━━━━━ Material supplied
(* (phi # u)(psi # u') =
   (xl1.phi.th3 u'<1> xr2)(xl2 u[-1] th1.psi.xr3) # xl3 u[0] th2 u'<0> xr1
   with Pli = Phi_lambda^-1, Pri = Phi_rho^-1, Plri = Phi_{lambda,rho}^-1 *)
Definition smash1 (H A B : lmodType k) (mH : H -> H -> H) (mB : B -> B -> B)
  (actL : H -> A -> A) (actR : A -> H -> A)
  (lam : B -> seq (H * B)) (rho : B -> seq (B * H)) (Plri : seq (H * B * H))
  (mA : A -> A -> A) (Pli : seq (H * H * B)) (Pri : seq (B * H * H))
  (phi : A) (u : B) (psi : A) (u' : B) : seq (A * B) :=
  bind Pli (fun xl => bind (lam u) (fun l => bind Plri (fun th =>
  bind (rho u') (fun r => [seq
    (mA (actL xl.1.1 (actR phi (mH (mH th.2 r.2) xr.1.2)))
        (actL (mH (mH xl.1.2 l.1) th.1.1) (actR psi xr.2)),
     mB (mB (mB (mB xl.2 l.2) th.1.2) r.1) xr.1.1) | xr <- Pri])))).

Definition smash (H A B : lmodType k) (mH : H -> H -> H) (mB : B -> B -> B)
  (actL : H -> A -> A) (actR : A -> H -> A)
  (lam : B -> seq (H * B)) (rho : B -> seq (B * H)) (Plri : seq (H * B * H))
  (mA : A -> A -> A) (Pli : seq (H * H * B)) (Pri : seq (B * H * H))
  (s t : seq (A * B)) : seq (A * B) :=
  bind s (fun p => bind t (fun q =>
    smash1 mH mB actL actR lam rho Plri mA Pli Pri p.1 p.2 q.1 q.2)).

End QuasiHopf.

(** The gauge-twisted reassociators are Phi_lambda (F^-1 (x) 1) and
  (1 (x) F) Phi_rho, so by uniqueness of inverses their inverses are
  (F (x) 1) Phi_lambda^-1 and Phi_rho^-1 (1 (x) F^-1); equivalently
  Phi_lambda^-1 = (F^-1 (x) 1) PlFi and Phi_rho^-1 = PrFi (1 (x) F).
  Substituting this into the smash product over H, the extra factors F^-1 on
  the left and F on the right are exactly the G^i and F^i of the twisted
  product of _F A _{F^-1}, once the bimodule axioms merge them into the
  actions.

  Tensors are lists of simple tensors compared against products of linear
  functionals, so equalities of tensors must first be extended to arbitrary
  trilinear forms: on the finite-dimensional span of the factors occurring
  there is a finite family of global functionals reproducing every vector,
  built from the existence (by Zorn's lemma) of a functional taking the
  value 1 at any given nonzero vector. *)

From HB Require Import structures.
From mathcomp Require Import all_boot all_order all_algebra.
From mathcomp Require Import boolp classical_sets.
From Pilot Require Import Defs.
Set Implicit Arguments. Unset Strict Implicit. Unset Printing Implicit Defensive.
Import GRing.Theory.
Local Open Scope ring_scope.
Local Open Scope classical_set_scope.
━━━━━━━━━━
Could you reproduce, exactly, every line above from the line with "(xl1.phi.th3 u'<1> xr2)(xl2" to the line with "bind Pli (fun", and no other line? Both ends count.

▸ Result of this exercise:
   (xl1.phi.th3 u'<1> xr2)(xl2 u[-1] th1.psi.xr3) # xl3 u[0] th2 u'<0> xr1
   with Pli = Phi_lambda^-1, Pri = Phi_rho^-1, Plri = Phi_{lambda,rho}^-1 *)
Definition smash1 (H A B : lmodType k) (mH : H -> H -> H) (mB : B -> B -> B)
  (actL : H -> A -> A) (actR : A -> H -> A)
  (lam : B -> seq (H * B)) (rho : B -> seq (B * H)) (Plri : seq (H * B * H))
  (mA : A -> A -> A) (Pli : seq (H * H * B)) (Pri : seq (B * H * H))
  (phi : A) (u : B) (psi : A) (u' : B) : seq (A * B) :=
  bind Pli (fun xl => bind (lam u) (fun l => bind Plri (fun th =>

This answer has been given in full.